The shard catalog also contains the primary copy of all duplicated tables in a sharded database. The shard catalog uses materialized views to automatically replicate changes to duplicated tables in all shards. The shard catalog database also acts as a query coordinator used to process multi-shard queries and queries that do not specify a sharding key.

Multiple shard catalogs can be deployed for high availability purposes. Using Oracle Data Guard for shard catalog high availability is a recommended best practice.

At run time, unless the application uses key-based queries, the shard catalog is required to direct queries to the shards. Sharding key-based transactions continue to be routed and processed by the sharded database and are unaffected by a catalog outage.

During the brief period required to complete an automatic failover to a standby shard catalog, downtime affects the ability to perform maintenance operations, make schema changes, update duplicated tables, run multi-shard queries, or perform other operations like add shard, move chunks, and so on, which induce topology change.

Shard Director

Shard directors are network listeners that enable high performance connection routing based on a sharding key.

Oracle Database 12c introduced the global service manager to route connections based on database role, load, replication lag, and locality. In support of Oracle Sharding, global service managers support routing of connections based on data location. A global service manager, in the context of Oracle Sharding, is known as a shard director.

A shard director is a specific implementation of a global service manager that acts as a regional listener for clients that connect to a sharded database. The director maintains a current topology map of the sharded database. Based on the sharding key passed during a connection request, the director routes the connections to the appropriate shard.

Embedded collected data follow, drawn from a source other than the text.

(* Let $n\ge 6$ be divisible by $6$, let $C_n$ be the cycle on $n$ vertices, let $\widehat{C}_n$ be obtained from $C_n$ by attaching a distinct new pendant vertex (leaf) to every vertex of $C_n$, and let $H_n$ be obtained from $\widehat{C}_n$ by replacing every such leaf by a copy of the subdivided $K_4$, i.e. identifying each leaf with the subdivision vertex of a new copy of the subdivided $K_4$. Then $\dfrac{Z(H_n)}{|V(H_n)|}\ge \dfrac{5}{12}$.
   Context: Zero forcing: given a graph and a set $S$ of vertices initially colored black (all others white), repeatedly apply the rule: if a black vertex $v$ has exactly one white neighbor $u$, then $u$ becomes black. $S$ is a zero forcing set if eventually every vertex becomes black. $Z(G)$ is the minimum size of a zero forcing set of $G$. Subdivided $K_4$: the complete graph on 4 vertices $a,b,c,e$ with the edge $ab$ subdivided by a new vertex $s$ (5 vertices, edges $as, sb, ac, ae, bc, be, ce$); $s$ is its subdivision vertex. *)

From HB Require Import structures.
From mathcomp Require Import all_boot all_order all_algebra.
Set Implicit Arguments. Unset Strict Implicit. Unset Printing Implicit Defensive.

Definition zf_step (T : finType) (adj : rel T) (S : {set T}) (X : {set T})
  : {set T} :=
  S :|: [set u | [exists v, [&& v \in X, adj v u &
                   [forall w, (adj v w && (w != u)) ==> (w \in X)]]]].

Definition zf_closure (T : finType) (adj : rel T) (S : {set T}) : {set T} :=
  fixset (zf_step adj S).

Definition zero_forcing_set (T : finType) (adj : rel T) (S : {set T}) : bool :=
  zf_closure adj S == [set: T].

(* Zero forcing number Z(G): minimum size of a zero forcing set
   ([set: T] is always one, so #|T| is a valid default). *)
Definition zf_number (T : finType) (adj : rel T) : nat :=
  \big[minn/#|T|]_(S : {set T} | zero_forcing_set adj S) #|S|.

(** Vertex (i, k) with i : 'I_n, k : 'I_6:
      k = 0 : vertex i of the cycle C_n
      k = 1 : subdivision vertex s of the i-th subdivided K_4
              (identified with the leaf attached to cycle vertex i)
      k = 2,3,4,5 : vertices a, b, c, e of the i-th subdivided K_4,
              whose edges are  as, sb, ac, ae, bc, be, ce. *)
Definition Hn_vertex (n : nat) : finType := ('I_n * 'I_6)%type.

Definition gadget_edge (k l : nat) : bool :=
  [|| (k == 0) && (l == 1),
      (k == 1) && (l == 2),
      (k == 1) && (l == 3),
      (k == 2) && (l == 4),
      (k == 2) && (l == 5),
      (k == 3) && (l == 4),
      (k == 3) && (l == 5)  |
      (k == 4) && (l == 5) ].

Definition Hn_adj (n : nat) : rel (Hn_vertex n) :=
  fun x y =>
    let: (i, k) := x in let: (j, l) := y in
    [|| [&& k == 0 :> nat, l == 0 :> nat &
           ((i.+1 %% n == j) || (j.+1 %% n == i))],
        (i == j) && gadget_edge k l |
        (i == j) && gadget_edge l k ].

From mathcomp Require Import all_boot all_algebra.
From mathcomp Require Import zify ring lra.
Set Implicit Arguments. Unset Strict Implicit. Unset Printing Implicit Defensive.
Import GRing.Theory Num.Theory.

(* A fort is a nonempty set F such that no vertex outside F has exactly one
   neighbour in F; every zero forcing set meets every fort.  Each row of H_n
   (a cycle vertex with its gadget) contains the forts {a, b} and {c, e}, so a
   zero forcing set S has at least two vertices per row, and exactly two in a
   "thin" row.  If the thin rows contain a zigzag i, i+1, i+3, ..., i+2m+1,
   i+2m+2 of the cycle, then the cycle vertices at the odd offsets together
   with s and the S-free vertex of each twin pair in the zigzag rows form a
   fort avoiding S.  A potential argument shows that a zigzag-free set of
   positions on an even cycle of length n has at most n/2 elements, whence
   |S| >= 3n - n/2 = 5n/2 = (5/12) |V(H_n)|. *)

Section Forts.
Variables (T : finType) (adj : rel T).

Definition fort (F : {set T}) : Prop :=
  forall x u, x \notin F -> u \in F -> adj x u ->
    exists2 w, w \in F & (w != u) && adj x w.

Lemma zf_step_disjoint_fort (F S X : {set T}) : fort F ->
  [disjoint F & S] -> [disjoint F & X] -> [disjoint F & zf_step adj S X].
Proof.
move=> fortF FS FX; rewrite disjoints_subset; apply/subsetP=> z zF.
rewrite !inE negb_or (disjointFr FS zF) /=; apply/existsP=> -[v /and3P[vX vz]].
have vF : v \notin F by apply: contraTN vX => vF; rewrite (disjointFr FX).
have [w wF /andP[wz vw]] := fortF v z vF zF vz.
by move/forallP/(_ w); rewrite vw wz (disjointFr FX wF).
Qed.

Lemma zero_forcing_set_meets_fort (F S : {set T}) : fort F ->
  zero_forcing_set adj S -> F != set0 -> ~~ [disjoint F & S].
Proof.
move=> fortF /eqP closedS; apply: contraNN => FS.
suff : [disjoint F & zf_closure adj S] by rewrite closedS disjoints_subset setCT subset0.
rewrite /zf_closure /fixset; elim: #|T| => [|k IH] /=.
  by rewrite disjoints_subset setC0 subsetT.
exact: zf_step_disjoint_fort.
Qed.

Lemma fort_twins y z : y != z ->
  (forall x, x != y -> x != z -> adj x y = adj x z) -> fort [set y; z].
Proof.
move=> yz twin x u; rewrite !inE negb_or => /andP[xy xz] /orP[]/eqP-> xu.
  by exists z; rewrite ?inE ?eqxx ?orbT // eq_sym yz -(twin x).
by exists y; rewrite ?inE ?eqxx // yz (twin x).
Qed.

Lemma zero_forcing_set_meets_twins S y z : y != z ->
  (forall x, x != y -> x != z -> adj x y = adj x z) ->
  zero_forcing_set adj S -> (y \in S) || (z \in S).
Proof.
move=> yz twin zfS.
have yz_gt0 : [set y; z] != set0 by apply/set0Pn; exists y; rewrite !inE eqxx.
have /pred0Pn[x /andP[]] := zero_forcing_set_meets_fort (fort_twins yz twin) zfS yz_gt0.
by rewrite !inE => /orP[]/eqP-> ->; rewrite ?orbT.
Qed.
End Forts.

Section ZigzagCount.
Variables (n : nat) (G : nat -> bool).
Hypothesis G_periodic : forall x, G (x + n) = G x.
Hypothesis n_gt1 : 1 < n.
Hypothesis n_even : ~~ odd n.

Definition zigzag i m :=
  [/\ G i, forall t, t <= m -> G (i + t.*2.+1) & G (i + m.*2.+2)].

Hypothesis no_zigzag : forall i m, m.*2.+2 <= n -> ~ zigzag i m.

Definition chain i d := G i && [forall o : 'I_n, odd o && (o <= d) ==> G (i + o)].

Definition chain_tip j := [exists d : 'I_n, (0 < d) && chain (j + n - d) d].

Lemma chainP i d : d < n ->
  reflect (G i /\ forall o, odd o -> o <= d -> G (i + o)) (chain i d).
Proof.
move=> dn; apply: (iffP andP) => -[Gi Godd]; split=> //.
  move=> o oo od; have /implyP := forallP Godd (Ordinal (leq_ltn_trans od dn)).
  by apply; rewrite oo.
by apply/forallP=> o; apply/implyP=> /andP[]; apply: Godd.
Qed.

(* Otherwise i, the odd offsets up to d and the offset d + odd d form a zigzag. *)
Lemma chain_stop i d : 0 < d < n -> chain i d -> G (i + d + odd d) = false.
Proof.
case/andP=> d0 dn /(chainP _ dn)[Gi Godd]; apply/negP=> Gend.
have [k dE] : exists k, d + odd d = k.*2.+2.
  have := odd_double_half d; case: (odd d) => /= dE.
    by exists d./2; lia.
  by exists d./2.-1; lia.
apply: (no_zigzag (i := i) (m := k)); first by move: dE; case: (odd d) => /=; lia.
split=> // [t tk|]; last by rewrite -dE addnA.
apply: Godd; first by rewrite /= odd_double.
by move: dE; case: (odd d) => /=; lia.
Qed.

Lemma chain_tip_gap j : chain_tip j -> ~~ (G j && G j.+1).
Proof.
case/existsP=> -[d dn] /= /andP[d0 ch].
have := chain_stop (d := d) _ ch; rewrite d0 dn => /(_ isT).
have -> : j + n - d + d = j + n by lia.
case: (odd d) => /= Gend.
  by rewrite addn1 -addSn G_periodic in Gend; rewrite Gend andbF.
by rewrite addn0 G_periodic in Gend; rewrite Gend.
Qed.
Theorem lemma5p5 (x : name) :
  forces topB (sub_checkV x) ->
  forces topB (complB (in_checkV x)) ->
  check_pairs x ->
  forall b : B, exists A : (B -> B) -> Prop,
    (forall s, A s -> is_aut s) /\ uncountable A /\
    (forall s t, A s -> A t -> s <> t ->
       s b = b /\ t b = b /\ forces b (complB (beq (act s x) (act t x)))).
Proof.
(* [check_pairs x] already puts the elements of [x] in the ground model. *)
move=> _ x_out /check_pairsP [Ix [nf [a x_def]]] b; subst x.
have [Nseq [G [Nseq_lt realizes_G]]] :=
  fusion (@splits_le _ nf a a) (splits_dense (not_in_checkV x_out)).
pose sigma := coded_aut b Nseq G.
exists (fun s => exists al, s = sigma al); split; [|split].
- by move=> _ [al ->]; exact: aut_of_is_aut (flip_above_involution _ _).
- move=> [h h_inj].
  apply: (@no_injection_to_nat (fun al => h (exist _ (sigma al) (ex_intro _ al erefl)))).
  by move=> al be /h_inj [/(coded_aut_inj Nseq_lt realizes_G)].
move=> _ _ [al ->] [be ->] sab; split; [exact: flip_aut_fix | split; first exact: flip_aut_fix].
have albe : al <> be by move=> E; apply: sab; rewrite E.
have neq := coded_aut_neq b Nseq_lt realizes_G albe.
by move=> p _; exact: neq p (@inB_top p).
Qed.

For a typical sharded database, a set of shard directors are installed on dedicated low-end commodity servers in each region. To achieve high availability and scalability, deploy multiple shard directors. You can deploy up to 5 shard directors in a given region.

The following are the key capabilities of shard directors:

  • Maintain runtime data about sharded database configuration and availability of shards

  • Measure network latency between its own and other regions

  • Act as a regional listener for clients to connect to a sharded database

  • Manage global services

  • Perform connection load balancing

Global Service

A global service is a database service that is use to access data in a sharded database.

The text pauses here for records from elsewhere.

(* Let $H$ be a complex separable Hilbert space and let $S,T,X\in B(H)$ with $S$ and $T$ positive. Then $$\|SX-XT\|_2\le\|X\|_2\left(\|S\|_2^2+\|T\|_2^2\right)^{1/2}.$$
   Context: $\|\cdot\|_2$ denotes the Hilbert–Schmidt norm $\|Z\|_2=(\operatorname{tr}(Z^*Z))^{1/2}$ (possibly $+\infty$). *)

From HB Require Import structures.
From mathcomp Require Import all_boot all_order all_algebra.
From mathcomp Require Import all_classical all_reals all_analysis.
From mathcomp Require Import complex.
Set Implicit Arguments. Unset Strict Implicit. Unset Printing Implicit Defensive.
Import Order.TTheory GRing.Theory Num.Theory.
Local Open Scope ring_scope.
Local Open Scope classical_set_scope.

(* The separable complex Hilbert space H is realised (up to unitary
   isomorphism) as l^2(I) for a countable index set I, with its standard
   orthonormal basis (e_j)_{j in I}.  Vectors are functions I -> R[i];
   only the square-summable ones are elements of H. *)
Section HS.
Variables (R : realType) (I : countType).
Local Notation C := (R[i]).

Definition cnorm2 (z : C) : R := complex.Re z ^+ 2 + complex.Im z ^+ 2.

Definition sqnorm (x : I -> C) : \bar R :=
  (\esum_(i in [set: I]) (cnorm2 (x i))%:E)%E.

Definition l2 (x : I -> C) : Prop := (sqnorm x < +oo)%E.

Definition rsum (g : I -> R) : R :=
  fine (\esum_(i in [set: I]) (Num.max (g i) 0)%:E)%E
  - fine (\esum_(i in [set: I]) (Num.max (- g i) 0)%:E)%E.

Definition csum (f : I -> C) : C :=
  Complex (rsum (fun i => complex.Re (f i))) (rsum (fun i => complex.Im (f i))).

Definition inner (x y : I -> C) : C := csum (fun i => x i * (y i)^*).

Definition basis (j : I) : I -> C := fun i => if i == j then 1 else 0.

(* operators are represented as maps on I -> C; only their action on l2 matters *)
Definition op := (I -> C) -> (I -> C).

Definition bounded_op (A : op) : Prop :=
  (forall (a : C) (x y : I -> C), l2 x -> l2 y ->
     A (fun i => a * x i + y i) = (fun i => a * A x i + A y i)) /\
  exists M : R, forall x, l2 x -> l2 (A x) /\ (sqnorm (A x) <= (M ^+ 2)%:E * sqnorm x)%E.

(* positive operator: <A x, x> >= 0 (in particular real) for all x in H *)
Definition positive_op (A : op) : Prop :=
  bounded_op A /\ forall x, l2 x -> 0 <= inner (A x) x.

Definition op_comp (A B : op) : op := fun x => A (B x).
Definition op_sub (A B : op) : op := fun x i => A x i - B x i.

(* tr(Z^* Z) = sum_j ||Z e_j||^2, in [0, +oo] *)
Definition hs_sq (Z : op) : \bar R := (\esum_(j in [set: I]) sqnorm (Z (basis j)))%E.

Definition hs_norm (Z : op) : \bar R := sqrte (hs_sq Z).

End HS.

From Pilot Require Import Defs.
From HB Require Import structures.
From mathcomp Require Import all_boot all_order all_algebra.
From mathcomp Require Import all_classical all_reals all_analysis.
From mathcomp Require Import complex.
From mathcomp Require Import spectral sesquilinear ring lra.
Import Order.TTheory GRing.Theory Num.Theory Num.Def.
(* re-imported so that [basis] denotes [Defs.basis], not the topological one *)
Import Defs numFieldNormedType.Exports.
Local Open Scope ring_scope.

(* Compress S, T and X to the span of the first n basis vectors.  The
   compressions of S and T are positive semidefinite matrices, unitarily
   diagonalisable as diag(d) and diag(e) with d, e >= 0; in the matching bases
   the commutator has entries (d_i - e_j) Y_ij, where Y is X in those bases,
   and |d_i - e_j|^2 <= d_i^2 + e_j^2 <= ||S||_2^2 + ||T||_2^2 gives the
   inequality for matrices.  As n grows, each entry of the compressed
   commutator converges to the corresponding entry of SX - XT, because S and
   X are bounded and X e_j, T e_j are square summable.  So every finite block
   of SX - XT obeys the bound, and so does its whole Hilbert-Schmidt sum. *)

Set Implicit Arguments. Unset Strict Implicit. Unset Printing Implicit Defensive.

Section PositiveMatrices.
Local Open Scope sesquilinear_scope.
Variable C : numClosedFieldType.

Local Notation "''[' u , v ]_ A" := (form_of_matrix conjC A u v)
  (at level 2, format "''[' u ,  v ]_ A").

Definition psdmx n (A : 'M[C]_n) := forall v : 'rV[C]_n, 0 <= '[v, v]_A.

Lemma form_of_matrixDZ n (A : 'M[C]_n) (u v : 'rV[C]_n) c :
  '[u + c *: v, u + c *: v]_A =
    '[u, u]_A + c * c^* * '[v, v]_A + c * '[v, u]_A + c^* * '[u, v]_A.
Proof.
rewrite linearD /= !linearDl /= !linearZ /= !linearZl_LR /= -[c *: _]/(c * _); ring.
Qed.

Lemma psdmx_formC n (A : 'M[C]_n) : psdmx A ->
  forall u v : 'rV[C]_n, '[u, v]_A = ('[v, u]_A)^*.
Proof.
(* polarization: '[w, w]_A is real for w = u + v and for w = u + 'i v *)
move=> psdA u v.
have conj_form (w : 'rV[C]_n) : ('[w, w]_A)^* = '[w, w]_A by exact: geC0_conj.
have := conj_form (u + 'i *: v); have := conj_form (u + 1 *: v).
rewrite !form_of_matrixDZ !(rmorphD, rmorphM) /= !conjCK conjCi rmorph1 !conj_form.
set x := '[u, v]_A; set y := '[v, u]_A.
move=> /eqP; rewrite -subr_eq0 => /eqP E1 /eqP; rewrite -subr_eq0 => /eqP E2.
have : 2 * 'i * (x^* - y) = 0.
  have := congr2 (fun p q => 'i * p + q) E1 E2; rewrite mulr0 addr0 => <-; ring.
move/eqP; rewrite !mulf_eq0 pnatr_eq0 (negPf (neq0Ci C)) /= subr_eq0.
by move=> /eqP <-; rewrite conjCK.
Qed.

Lemma psdmx_hermsym n (A : 'M[C]_n) : psdmx A -> A \is hermsymmx.
Proof.
move=> psdA; apply/is_hermitianmxP; rewrite expr0 scale1r.
by apply/matrixP => i j; rewrite !mxE -!(rV_formee A conjC) psdmx_formC.
Qed.

Lemma psdmx_spectral n (A : 'M[C]_n) : psdmx A ->
  exists P : 'M[C]_n, exists d : 'rV[C]_n,
    [/\ P \is unitarymx, A = P ^t* *m diag_mx d *m P & forall k, 0 <= d 0 k].
Proof.
move=> psdA; set P := spectralmx A; set d := spectral_diag A.
have unitaryP : P \is unitarymx by exact: spectral_unitarymx.
have defA : A = P ^t* *m diag_mx d *m P.
  by rewrite -invmx_unitary //; apply/orthomx_spectralP/hermitian_normalmx/psdmx_hermsym.
exists P, d; split => // k.
have -> : d 0 k = (P *m A *m P ^t*) k k.
  by rewrite defA !mulmxA (unitarymxP unitaryP) mul1mx mulmxtVK // mxE eqxx mulr1n.
rewrite -(rV_formee _ conjC) /form_of_matrix !mulmxA -rowE -mulmxA -map_mxM -trmx_mul -rowE.
exact: psdA.
Qed.

Definition hsmx2 n (A : 'M[C]_n) := \tr (A *m A ^t*).

Lemma hsmx2E n (A : 'M[C]_n) : hsmx2 A = \sum_i \sum_j `|A i j| ^+ 2.
Proof.
apply: eq_bigr => i _; rewrite mxE; apply: eq_bigr => j _.
by rewrite !mxE normCK.
Qed.

Lemma hsmx2_unitary n (P Q A : 'M[C]_n) : P \is unitarymx -> Q \is unitarymx ->
  hsmx2 (P *m A *m Q ^t*) = hsmx2 A.
Proof.
move=> unitaryP unitaryQ; rewrite /hsmx2 !trmx_mul !map_mxM trmxCK !mulmxA.
by rewrite (mulmxKtV _ unitaryQ) // -!mulmxA mxtrace_mulC !mulmxA (mulmxKtV _ unitaryP).
Qed.

Lemma hsmx2_diag n (d : 'rV[C]_n) : hsmx2 (diag_mx d) = \sum_i `|d 0 i| ^+ 2.
Proof.
rewrite hsmx2E; apply: eq_bigr => i _; rewrite (bigD1 i) //= big1 ?addr0.
  by rewrite mxE eqxx mulr1n.
by move=> j /negPf ji; rewrite mxE eq_sym ji mulr0n normr0 expr0n.
Qed.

A global service is an extension to the notion of the traditional database service. All of the properties of traditional database services are supported for global services. For sharded databases, additional properties are set for global services — for example, database role, replication lag tolerance, region affinity between clients and shards, and so on. For a read-write transactional workload, a single global service is created to access data from any primary shard in a sharded database. For highly available shards using Active Data Guard, a separate read-only global service can be created.

Management Interfaces for a Sharded Database

The GDSCTL command-line utility is used to configure, deploy, monitor, and manage an Oracle Sharding sharded database. Oracle Enterprise Manager Cloud Control can also be used for sharded database monitoring and management.

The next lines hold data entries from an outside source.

Lemma counts_pfactor p a c x : prime p -> c < a -> gcdn (p ^ a) x = p ^ c ->
  [/\ below_count (p ^ a) x = p ^ (a - c),
      above_count (p ^ a) x + p ^ (a - c.+1) = p ^ a &
      assoc_count (p ^ a) x + p ^ (a - c.+1) = p ^ (a - c)].
Proof.
move=> p_pr c_lt gx; have p_gt0 := prime_gt0 p_pr.
have count_pow k : k <= a -> count (dvdn (p ^ k)) (iota 0 (p ^ a)) = p ^ (a - k).
  by move=> k_le; rewrite count_dvdn ?dvdn_exp2l // expnB.
have below y : in_cycle (p ^ a) x y = (p ^ c %| y) by rewrite in_cycle_dvdr gx.
have above y : in_cycle (p ^ a) y x = ~~ (p ^ c.+1 %| y).
  have [j j_le gy] : exists2 j, j <= a & gcdn (p ^ a) y = p ^ j.
    by apply/dvdn_pfactor => //; exact: dvdn_gcdl.
  have -> : (p ^ c.+1 %| y) = (p ^ c.+1 %| gcdn (p ^ a) y) by rewrite dvdn_gcd dvdn_exp2l.
  by rewrite /in_cycle gx gy !dvdn_Pexp2l ?prime_gt1 // leqNgt.
split.
- by rewrite below_countE gx expnB // ltnW.
- rewrite -(count_pow c.+1 c_lt) /above_count (eq_count above) addnC.
  by rewrite count_predC size_iota.
- set s := iota 0 (p ^ a).
  have split_c : count (dvdn (p ^ c)) s =
      count (predI (predC (dvdn (p ^ c.+1))) (dvdn (p ^ c))) s
      + count (predI (dvdn (p ^ c.+1)) (dvdn (p ^ c))) s.
    by rewrite -!count_filter addnC count_predC size_filter.
  rewrite -(count_pow c.+1 c_lt) -(count_pow c (ltnW c_lt)) split_c /assoc_count.
  congr (_ + _); apply: eq_count => y /=; first by rewrite below above andbC.
  by rewrite andb_idr //; apply: dvdn_trans; rewrite dvdn_exp2l.
Qed.

Local Open Scope ring_scope.

Lemma bilinear_ge_corners (R : realDomainType) (al be P1 P2 r1 r2 t1 t2 m : R) :
  0 < r1 -> 0 < r2 -> 0 <= t1 <= r1 -> 0 <= t2 <= r2 ->
  m <= be * P1 * P2 -> m <= be * (P1 - r1) * P2 -> m <= be * P1 * (P2 - r2) ->
  m <= al * r1 * r2 + be * (P1 - r1) * (P2 - r2) ->
  m <= al * t1 * t2 + be * (P1 - t1) * (P2 - t2).
Proof.
move=> r1_gt0 r2_gt0 /andP[t1_ge0 t1_le] /andP[t2_ge0 t2_le] m00 m10 m01 m11.
have w00 : 0 <= (r1 - t1) * (r2 - t2) by rewrite mulr_ge0 // subr_ge0.
have w10 : 0 <= t1 * (r2 - t2) by rewrite mulr_ge0 // subr_ge0.
have w01 : 0 <= (r1 - t1) * t2 by rewrite mulr_ge0 // subr_ge0.
have w11 : 0 <= t1 * t2 by rewrite mulr_ge0.
rewrite -(ler_pM2l (mulr_gt0 r1_gt0 r2_gt0)).
(* bilinear interpolation between the four corners *)
have -> : r1 * r2 * (al * t1 * t2 + be * (P1 - t1) * (P2 - t2)) =
  (r1 - t1) * (r2 - t2) * (be * P1 * P2) + t1 * (r2 - t2) * (be * (P1 - r1) * P2) +
  (r1 - t1) * t2 * (be * P1 * (P2 - r2))
  + t1 * t2 * (al * r1 * r2 + be * (P1 - r1) * (P2 - r2)).
  by ring.
have -> : r1 * r2 * m = (r1 - t1) * (r2 - t2) * m + t1 * (r2 - t2) * m +
  (r1 - t1) * t2 * m + t1 * t2 * m by ring.
by rewrite !lerD // ler_wpM2l.
Qed.

(* Contributions of a prime-power factor p^a of the modulus to the three counts when
   the p-component of x has order p^k: the factor is encoded by [None] if k = 0 and
   by [Some p^(k-1)] otherwise, and [r] stands for p^(a-1). *)
Definition pp_below (R : pzRingType) (p : R) (o : option R) : R :=
  if o is Some t then p * t else 1.
Definition pp_above (R : pzRingType) (p r : R) (o : option R) : R :=
  if o is Some t then p * r - t else p * r.
Definition pp_assoc (R : pzRingType) (p : R) (o : option R) : R :=
  if o is Some t then (p - 1) * t else 1.
Definition pp_in (R : numDomainType) (lo r : R) (o : option R) : bool :=
  if o is Some t then lo <= t <= r else true.

Lemma pp_assoc_bounds (R : realDomainType) (p r : R) o :
  1 <= p -> pp_in 0 r o -> 0 <= pp_assoc p o <= pp_below p o.
Proof.
case: o => [t|] /= p_ge1 => [/andP[t_ge0 _]|_]; last by rewrite ler01 lexx.
by apply/andP; split; nra.
Qed.

Lemma pp_in_le (R : numDomainType) (lo lo' r : R) o :
  lo' <= lo -> pp_in lo r o -> pp_in lo' r o.
Proof. by case: o => //= t lo_le /andP[lo_t ->]; rewrite (le_trans lo_le lo_t). Qed.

Like SQL*Plus, GDSCTL is a command-line utility with which you can control all stages of a sharded database's life cycle. You can run GDSCTL remotely from a different server or laptop to configure and deploy a sharded database topology, and then montior and manage your sharded database.

GDSCTL provides a simple declarative way of specifying the configuration of a sharded database and automating its deployment. Only a few GDSCTL commands are required to create a sharded database.

You can also use Cloud Control for sharded database monitoring and life cycle management if you prefer a graphical user interface. With Cloud Control you can monitor availability and performance, and you can make changes to a sharding configuration, such as add and deploy shards, services, shard directors, and other sharding components.